### EXERCISE DETAILS
Compute how many lines in the data below contain "independently"; answer only with that number.

Segment Start: PROVIDED INFORMATION

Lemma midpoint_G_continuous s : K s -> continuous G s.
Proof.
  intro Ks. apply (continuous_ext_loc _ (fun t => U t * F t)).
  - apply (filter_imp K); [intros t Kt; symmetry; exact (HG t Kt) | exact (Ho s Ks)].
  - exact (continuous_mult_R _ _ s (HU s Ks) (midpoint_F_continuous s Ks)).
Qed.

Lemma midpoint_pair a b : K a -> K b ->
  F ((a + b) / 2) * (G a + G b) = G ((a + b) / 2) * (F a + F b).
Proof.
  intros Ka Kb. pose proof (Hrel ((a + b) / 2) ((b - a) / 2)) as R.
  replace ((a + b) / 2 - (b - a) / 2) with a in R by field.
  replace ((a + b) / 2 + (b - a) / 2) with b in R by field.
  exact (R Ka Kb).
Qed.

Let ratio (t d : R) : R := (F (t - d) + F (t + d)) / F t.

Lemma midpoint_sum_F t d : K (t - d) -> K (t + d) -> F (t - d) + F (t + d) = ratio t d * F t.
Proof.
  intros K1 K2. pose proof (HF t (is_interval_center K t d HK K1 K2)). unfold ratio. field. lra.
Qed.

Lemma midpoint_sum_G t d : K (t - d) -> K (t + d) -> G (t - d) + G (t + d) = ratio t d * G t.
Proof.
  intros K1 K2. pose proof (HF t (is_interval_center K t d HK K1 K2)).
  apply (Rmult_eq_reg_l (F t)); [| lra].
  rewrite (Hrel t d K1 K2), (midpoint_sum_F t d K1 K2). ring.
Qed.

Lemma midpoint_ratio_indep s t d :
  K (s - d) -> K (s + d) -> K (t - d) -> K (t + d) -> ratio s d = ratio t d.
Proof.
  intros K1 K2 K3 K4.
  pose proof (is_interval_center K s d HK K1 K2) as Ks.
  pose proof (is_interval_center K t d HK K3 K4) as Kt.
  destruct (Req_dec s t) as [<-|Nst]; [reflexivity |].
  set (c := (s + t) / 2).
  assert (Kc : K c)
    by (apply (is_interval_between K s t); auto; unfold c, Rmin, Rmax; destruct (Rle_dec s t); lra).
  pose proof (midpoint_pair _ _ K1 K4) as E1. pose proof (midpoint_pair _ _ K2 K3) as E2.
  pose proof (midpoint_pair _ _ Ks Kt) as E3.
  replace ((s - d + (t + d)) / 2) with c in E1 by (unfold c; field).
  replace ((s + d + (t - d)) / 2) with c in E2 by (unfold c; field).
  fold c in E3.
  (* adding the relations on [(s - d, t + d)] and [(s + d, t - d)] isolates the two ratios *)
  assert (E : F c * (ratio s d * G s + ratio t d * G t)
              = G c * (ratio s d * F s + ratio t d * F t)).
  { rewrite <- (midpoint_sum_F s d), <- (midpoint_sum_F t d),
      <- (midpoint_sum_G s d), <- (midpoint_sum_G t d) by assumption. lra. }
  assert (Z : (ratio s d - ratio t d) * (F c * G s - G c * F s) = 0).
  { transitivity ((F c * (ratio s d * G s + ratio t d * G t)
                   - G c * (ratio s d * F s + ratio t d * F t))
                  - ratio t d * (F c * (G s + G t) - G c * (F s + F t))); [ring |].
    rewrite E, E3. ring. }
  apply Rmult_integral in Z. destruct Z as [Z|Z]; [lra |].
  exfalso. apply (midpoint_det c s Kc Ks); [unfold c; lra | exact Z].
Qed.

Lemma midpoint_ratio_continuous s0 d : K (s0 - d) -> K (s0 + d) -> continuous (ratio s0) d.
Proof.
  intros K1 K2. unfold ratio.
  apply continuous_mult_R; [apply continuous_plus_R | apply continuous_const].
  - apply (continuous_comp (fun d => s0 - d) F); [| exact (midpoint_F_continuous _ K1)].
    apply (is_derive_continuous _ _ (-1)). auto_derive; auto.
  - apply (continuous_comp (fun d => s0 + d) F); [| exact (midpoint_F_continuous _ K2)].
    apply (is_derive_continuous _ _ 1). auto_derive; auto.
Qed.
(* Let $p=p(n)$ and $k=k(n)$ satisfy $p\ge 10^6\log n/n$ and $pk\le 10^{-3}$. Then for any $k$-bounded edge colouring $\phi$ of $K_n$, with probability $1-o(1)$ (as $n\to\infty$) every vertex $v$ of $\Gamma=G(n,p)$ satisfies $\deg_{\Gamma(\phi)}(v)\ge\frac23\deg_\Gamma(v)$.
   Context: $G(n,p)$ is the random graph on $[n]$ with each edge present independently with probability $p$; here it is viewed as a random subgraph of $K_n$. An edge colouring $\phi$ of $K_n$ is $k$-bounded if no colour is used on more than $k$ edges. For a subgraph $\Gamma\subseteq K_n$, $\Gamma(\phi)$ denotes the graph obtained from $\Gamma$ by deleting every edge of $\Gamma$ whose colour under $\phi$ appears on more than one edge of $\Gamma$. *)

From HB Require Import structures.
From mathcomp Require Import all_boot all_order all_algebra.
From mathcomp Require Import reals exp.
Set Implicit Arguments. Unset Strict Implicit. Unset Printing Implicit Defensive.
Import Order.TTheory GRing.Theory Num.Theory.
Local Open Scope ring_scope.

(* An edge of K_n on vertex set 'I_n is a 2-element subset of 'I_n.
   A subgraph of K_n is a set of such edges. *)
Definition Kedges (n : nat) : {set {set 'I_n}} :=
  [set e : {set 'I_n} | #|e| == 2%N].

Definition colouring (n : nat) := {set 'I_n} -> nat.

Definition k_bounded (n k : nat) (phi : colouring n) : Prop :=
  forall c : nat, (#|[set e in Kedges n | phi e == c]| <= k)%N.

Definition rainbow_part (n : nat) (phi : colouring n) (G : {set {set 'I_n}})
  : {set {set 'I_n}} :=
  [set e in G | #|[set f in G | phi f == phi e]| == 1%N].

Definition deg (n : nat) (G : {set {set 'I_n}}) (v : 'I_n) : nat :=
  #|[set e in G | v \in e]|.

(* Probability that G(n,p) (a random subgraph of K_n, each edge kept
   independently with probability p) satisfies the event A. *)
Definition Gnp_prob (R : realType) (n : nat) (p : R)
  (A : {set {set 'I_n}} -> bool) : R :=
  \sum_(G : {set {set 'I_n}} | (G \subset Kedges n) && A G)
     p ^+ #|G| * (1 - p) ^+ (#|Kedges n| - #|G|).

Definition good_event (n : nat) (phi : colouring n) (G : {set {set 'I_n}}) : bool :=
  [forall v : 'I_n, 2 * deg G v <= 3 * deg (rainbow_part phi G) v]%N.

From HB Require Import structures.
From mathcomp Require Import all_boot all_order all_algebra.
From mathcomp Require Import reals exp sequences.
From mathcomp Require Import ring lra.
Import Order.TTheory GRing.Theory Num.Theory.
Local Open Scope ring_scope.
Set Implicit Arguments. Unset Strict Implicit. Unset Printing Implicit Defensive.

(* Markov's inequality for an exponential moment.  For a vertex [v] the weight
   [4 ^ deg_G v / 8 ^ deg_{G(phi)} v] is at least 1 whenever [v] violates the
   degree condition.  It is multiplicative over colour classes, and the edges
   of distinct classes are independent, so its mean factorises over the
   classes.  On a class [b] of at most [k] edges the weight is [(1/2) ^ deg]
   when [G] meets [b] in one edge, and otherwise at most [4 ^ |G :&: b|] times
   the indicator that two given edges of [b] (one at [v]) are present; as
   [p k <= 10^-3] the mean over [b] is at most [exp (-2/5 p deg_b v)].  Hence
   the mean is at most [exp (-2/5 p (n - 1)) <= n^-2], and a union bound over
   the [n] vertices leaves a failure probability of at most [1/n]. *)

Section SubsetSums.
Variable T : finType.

Segment End: PROVIDED INFORMATION

### ANSWER BOX
2